## ACTION ITEM
An exact copy of the line containing "Import Order.TTheory GRing.Theory Num.Theory." and of every line after it, through the last line of the material, is what should be returned.
***** DATASET EXTRACT *****
(* Let ${\bf f}_1:\mathbb{R}^m\times\mathbb{R}_{\ge 0}\to\mathbb{R}^m$ and ${\bf f}_2:\mathbb{R}^m\times\mathbb{R}_{\ge 0}\to\mathbb{R}^m$ be continuously differentiable. Suppose both are contracting with identity metric, i.e. there is $\beta>0$ such that the symmetric parts of the Jacobians satisfy $\frac12\big(\frac{\partial {\bf f}_k}{\partial {\bf x}}+\frac{\partial {\bf f}_k}{\partial {\bf x}}^T\big)({\bf x},t)\le -\beta I$ for all ${\bf x},t$ and $k=1,2$; assume also that these Jacobians are uniformly bounded. Let ${\bf G}$ be a constant real $m\times p$ matrix, let $k_{12},k_{21}>0$ and let $T_{12},T_{21}\ge 0$ be constant delays. Consider the coupled delay system $$\dot{\bf x}_1(t)={\bf f}_1({\bf x}_1,t)+\tfrac{1}{k_{21}}{\bf G}{\bf G}^T\big({\bf x}_2(t-T_{21})-{\bf x}_1(t)\big),\qquad \dot{\bf x}_2(t)={\bf f}_2({\bf x}_2,t)+\tfrac{1}{k_{12}}{\bf G}{\bf G}^T\big({\bf x}_1(t-T_{12})-{\bf x}_2(t)\big),$$ with continuous initial functions on $[-\max(T_{12},T_{21}),0]$. Then the overall system is asymptotically contracting: for all values of the delays, any two solutions converge asymptotically to each other (all solutions converge to a single trajectory, independently of the initial conditions).
   Context: A system is called asymptotically contracting if every virtual displacement (infinitesimal difference $\delta{\bf x}$ between neighboring solutions, $\delta{\bf x}=\frac{\partial {\bf x}}{\partial {\bf x}_o}d{\bf x}_o$ with respect to initial data) tends to zero as $t\to\infty$, which implies global asymptotic convergence of all solutions to a single trajectory. *)

From HB Require Import structures.
From mathcomp Require Import all_boot all_order all_algebra.
From mathcomp Require Import all_classical all_reals all_analysis.
Import Order.TTheory GRing.Theory Num.Theory.
Import numFieldNormedType.Exports.
Local Open Scope classical_set_scope.
Local Open Scope ring_scope.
*****
## ANSWER SPACE
Import Order.TTheory GRing.Theory Num.Theory.
Import numFieldNormedType.Exports.
Local Open Scope classical_set_scope.
Local Open Scope ring_scope.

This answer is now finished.